Druckfrisch: unsere Themen im Mai

3 Minuten

© robotcity - Fotolia
Druckfrisch: unsere Themen im Mai

Chefredakteur Günter Nuber gibt Ihnen einen Einblick in die Themen der aktuellen Ausgabe des Diabetes-Journals, die am heutigen Freitag (24. April 2020) erscheint.

Liebe Diabetes-Journal-Leserinnen und -Leser,

das Jahr 2020 hat uns Menschen gezeigt, wie unmittelbar verwundbar wir sind. Egal in welchem Land. Egal, mit welcher Weltanschauung wir leben oder in welchem politischen oder religiösen System. Leere Kindergärten, Schulen, Universitäten: In diesem Frühling und seit COVID-19 und der Corona-Pandemie ist in unserem Leben alles anders. Leer stehende Lieblingsrestaurants, Fußballstadien, Staatstheater. Verwaiste Büroräume. Leere Straßen, ein stillstehendes öffentliches Leben im März/April.

Ein jeder Schritt musste seit diesem Frühsommer durchdacht und überlegt werden: Habe ich alles, was ich benötige? Habe ich genügend Bewegung? Bekomme ich meine Medikamente? Habe ich genügend Schutz – für mich, für andere? Kann ich meinen Vater, meine Tochter besuchen … wenn auch nur für eine Stunde? Werde ich meinen Arbeitsplatz behalten?

Vergleiche hinken oft, doch will ich folgenden wagen: Die Corona-Pandemie und deren Folgen, der Einschnitt in unser Leben in diesem Frühjahr 2020 zeigt vielleicht Nichtdiabetikern, wie eine Typ-1-Diabetes-Diagnose, wie eine Insulintherapie alles verändert im Leben. Wie ein Thema alle anderen überlagert. Wie fortan jeder Schritt des Alltags doppelt überlegt wird – und man sich sofort viele Fragen, auch existenzieller Art, stellt.

Das neuartige Coronavirus begleitet uns durch die Mai-Ausgabe. In Aktuell beantwortet mein Chefredakteurs-Kollege Prof. Thomas Haak wichtige medizinische Fragen, die uns im März und April erreichten. Gleiches macht Redaktionsmitglied Oliver Ebert, er greift Ihre Fragen rund um Arbeitsplatz, Kindergarten, Soziales auf und antwortet.

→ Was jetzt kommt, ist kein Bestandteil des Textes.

Lemma adic_closure_powE x : X x <-> 0 < x /\ forall m, power_residue (p ^ m) a x.
Proof.
split=> [[x_gt0 _ Xx] | [x_gt0 x_res]].
  by split=> // m; have [k [_ _ Ek]] := Xx m; exists k.
split=> //.
  have [k] := x_res 1; rewrite expn1 /dvdn => ->.
  by rewrite -/(dvdn p (a ^ k)) Euclid_dvdX // negb_and a_ndvd.
move=> m; have [k Ek] := x_res m; pose T := totient (p ^ m).
have T_gt0 : 0 < T by rewrite totient_gt0 expn_gt0 prime_gt0.
exists (k + T * x.+1); split.
- by rewrite addn_gt0 muln_gt0 T_gt0 orbT.
- apply/ltnW/(leq_trans (ltn_expl x a_gt1)); rewrite leq_pexp2l ?(ltnW a_gt1) //.
  by rewrite (leq_trans (leqnSn x)) // (leq_trans (leq_pmull _ T_gt0)) ?leq_addl.
- by rewrite expn_mod_totient ?Ek // coprime_sym coprime_pexp.
Qed.

Lemma adic_closure_pow_exp k : 0 < k -> X (a ^ k).
Proof.
move=> k_gt0; apply/adic_closure_powE.
by split=> [|m]; [rewrite expn_gt0 ltnW | exists k].
Qed.

Lemma adic_closure_pow_congr n k : exists2 y, X y & y = a ^ k %[mod p ^ n].
Proof.
exists (a ^ (k + totient (p ^ n) * 1)).
  apply: adic_closure_pow_exp.
  by rewrite muln1 ltn_addl // totient_gt0 expn_gt0 prime_gt0.
by rewrite expn_mod_totient // coprime_sym coprime_pexp.
Qed.

Lemma piX_units_adic n : 0 < n -> piX_units p n X = <[unitZp (p ^ n) a]>%g.
Proof.
move=> n_gt0; have q_gt1 := pexp_gt1 (prime_gt1 p_pr) n_gt0.
have co_a := coprime_pexp n p_pr a_ndvd.
apply/setP => u; rewrite inE; apply/asboolP/cycleP => [[x [[_ _ Xx] Eu]] | [k ->]].
  have [k [_ _ Ek]] := Xx n; exists k; apply: val_inj.
  by rewrite val_unitZpX // -Eu; apply/eqP; rewrite eqZp_nat // Ek.
have [y Xy Ey] := adic_closure_pow_congr n k; exists y; split=> //.
by rewrite val_unitZpX //; apply/eqP; rewrite eqZp_nat // Ey.
Qed.

Lemma card_piX_adic n : 0 < n -> #|piX p n X| = #[unitZp (p ^ n) a]%g.
Proof.
move=> n_gt0; have q_gt1 := pexp_gt1 (prime_gt1 p_pr) n_gt0.
rewrite orderE -piX_units_adic // -(card_imset _ val_inj); apply: eq_card => r.
rewrite inE; apply/asboolP/imsetP => [[x [Xx <-]] | [u]].
  have co_x : coprime (p ^ n) x by case: Xx => _ x_ndvd _; apply: coprime_pexp.
  exists (unitZp (p ^ n) x); last by rewrite val_unitZp.
  by rewrite inE; apply/asboolP; exists x; rewrite val_unitZp.
by rewrite inE => /asboolP[x [Xx Ex]] ->; exists x.
Qed.

Lemma mem_piX_adic n x : 0 < n ->
  (x%:R : 'Z_(p ^ n))%R \in piX p n X <-> power_residue (p ^ n) a x.
Proof.
move=> n_gt0; have q_gt1 := pexp_gt1 (prime_gt1 p_pr) n_gt0.
rewrite inE; split=> [/asboolP[y [[_ _ Xy] /eqP]] | [k Ek]].
  rewrite eqZp_nat // => /eqP Eyx; have [k [_ _ Ek]] := Xy n.
  by exists k; rewrite -Eyx Ek.
have [y Xy Ey] := adic_closure_pow_congr n k.
by apply/asboolP; exists y; split=> //; apply/eqP; rewrite eqZp_nat // Ey Ek.
Qed.

Lemma saturated_le n m : saturated p a n -> n <= m -> saturated p a m.
Proof.
move=> sat_n le_nm x x_gt0 [k Ek]; apply: sat_n x_gt0 _.
by exists k; apply: eqn_mod_pexp Ek.
Qed.

Lemma saturated_exists : odd p -> exists2 N, 0 < N & saturated p a N.
Proof.
move=> p_odd; have [N N_gt0 stable] := power_residue_stable p_pr p_odd a_gt1 a_ndvd.
by exists N => // x x_gt0 x_res; apply/adic_closure_powE; split=> //; apply: stable.
Qed.

Lemma admissible_saturated n : n_admissible p X n -> saturated p a n.
Proof. by case=> n_gt0 memX _ x x_gt0 /(mem_piX_adic _ n_gt0)/(memX x x_gt0). Qed.

Lemma saturated_admissible n : odd p -> 0 < n -> saturated p a n ->
  p <= #[unitZp (p ^ n) a]%g -> n_admissible p X n.
Proof.
move=> p_odd n_gt0 sat_n le_p_ord; split=> //.
  move=> x x_gt0; split=> [Xx | /mem_piX_adic x_res]; last exact: sat_n (x_res n_gt0).
  by rewrite inE; apply/asboolP; exists x.
by rewrite card_piX_adic // (maxn_idPl (odd_prime_gt2 p_odd p_pr)).
Qed.

Lemma order_unitZp_pexpS_dvd n : odd p -> 0 < n ->
  #[unitZp (p ^ n) a]%g %| #[unitZp (p ^ n.+1) a]%g /\
  #[unitZp (p ^ n.+1) a]%g %| p * #[unitZp (p ^ n) a]%g.
Proof.
move=> p_odd n_gt0; have q_gt1 := pexp_gt1 (prime_gt1 p_pr) n_gt0.
have q'_gt1 := pexp_gt1 (prime_gt1 p_pr) (ltn0Sn n).
have co := coprime_pexp n p_pr a_ndvd; have co' := coprime_pexp n.+1 p_pr a_ndvd.
set o := #[unitZp (p ^ n) a]%g.
have ao1 : a ^ o = 1 %[mod p ^ n] by apply/eqP; rewrite -unitZpX_eq1 // expg_order.
split; rewrite order_dvdn unitZpX_eq1 //.
  apply/eqP/(eqn_mod_pexp (leqnSn n))/eqP.
  by rewrite -unitZpX_eq1 // expg_order.
have [c Ec] : exists c, a ^ o = 1 + c * p ^ n.
  by apply: eqn_mod_add ao1; rewrite expn_gt0 ltnW.
have [s Es] := lift_exponent_step c p_pr p_odd n_gt0.
by rewrite mulnC expnM Ec Es addnC modnMDl.
Qed.

Lemma order_unitZp_succ n : odd p -> 0 < n -> saturated p a n ->
  #[unitZp (p ^ n.+1) a]%g = p * #[unitZp (p ^ n) a]%g.
Proof.
move=> p_odd n_gt0 sat_n.
have [o_dvd_d d_dvd_po] := order_unitZp_pexpS_dvd p_odd n_gt0.
suff d_neq_o : #[unitZp (p ^ n.+1) a]%g != #[unitZp (p ^ n) a]%g.
  have [e Ee] := dvdnP o_dvd_d.
  move: d_dvd_po d_neq_o; rewrite Ee dvdn_pmul2r ?order_gt0 // => /(primeP p_pr).2.
  by case/orP=> /eqP ->; rewrite ?mul1n ?eqxx.
(* By saturation 1 + p^n = a^k mod p^(n+1); then the order mod p^n divides k,
   so equal orders would force 1 + p^n = 1 mod p^(n+1). *)
have q_gt1 := pexp_gt1 (prime_gt1 p_pr) n_gt0.
have q'_gt1 := pexp_gt1 (prime_gt1 p_pr) (ltn0Sn n).
have co := coprime_pexp n p_pr a_ndvd; have co' := coprime_pexp n.+1 p_pr a_ndvd.
apply/eqP => Edo.
have [_ _ /(_ n.+1)[k [_ _ Ek]]] : X (1 + p ^ n).
  by apply: sat_n; [rewrite addn_gt0 | exists 0; rewrite -modnDmr modnn addn0].
have : #[unitZp (p ^ n) a]%g %| k.
  rewrite order_dvdn unitZpX_eq1 //; apply/eqP.
  by rewrite (eqn_mod_pexp (leqnSn n) Ek) -modnDmr modnn addn0.
have lt_q' : 1 + p ^ n < p ^ n.+1.
  rewrite expnS (leq_ltn_trans (_ : _ <= 2 * p ^ n)) ?ltn_pmul2r ?odd_prime_gt2 //.
    by rewrite mul2n -addnn leq_add2r ltnW.
  by rewrite expn_gt0 prime_gt0.
rewrite -Edo order_dvdn unitZpX_eq1 // Ek !modn_small // -{2}[1]addn0 eqn_add2l.
by rewrite expn_eq0 (gtn_eqF (prime_gt0 p_pr)).
Qed.

Lemma unit_index_order n : 0 < n ->
  #[unitZp (p ^ n) a]%g * unit_index p a n = p.-1 * p ^ n.-1.
Proof.
move=> n_gt0; rewrite orderE /unit_index Lagrange; last exact: finset.subsetT.
by rewrite card_units_Zp ?expn_gt0 ?prime_gt0 // totient_pfactor.
Qed.

Lemma unit_index_succ n : odd p -> 0 < n -> saturated p a n ->
  unit_index p a n.+1 = unit_index p a n.
Proof.
move=> p_odd n_gt0 sat_n; apply/eqP.
have po_gt0 : 0 < p * #[unitZp (p ^ n) a]%g by rewrite muln_gt0 prime_gt0 ?order_gt0.
rewrite -(eqn_pmul2l po_gt0).
rewrite -{1}order_unitZp_succ // unit_index_order // -mulnA unit_index_order //.
by case: n n_gt0 {sat_n po_gt0} => // n _; rewrite expnS mulnCA.
Qed.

Im Titelthema geht es um Bewegung. Auch hier haben Dr. Meinolf Behrens und sein Autorenteam „Corona-Themen“ aufgegriffen wie Sport daheim, Apps und Konsolen, die helfen, damit Sie und ich ausreichend Bewegung bekommen – auch zuhause. Ein Blick in die Seiten der Diabetesverbände wird für viele von Ihnen wichtig sein, damit Sie sehen, welche Termine schon abgesagt sind, welche hingegen nachgefragt werden sollten etc.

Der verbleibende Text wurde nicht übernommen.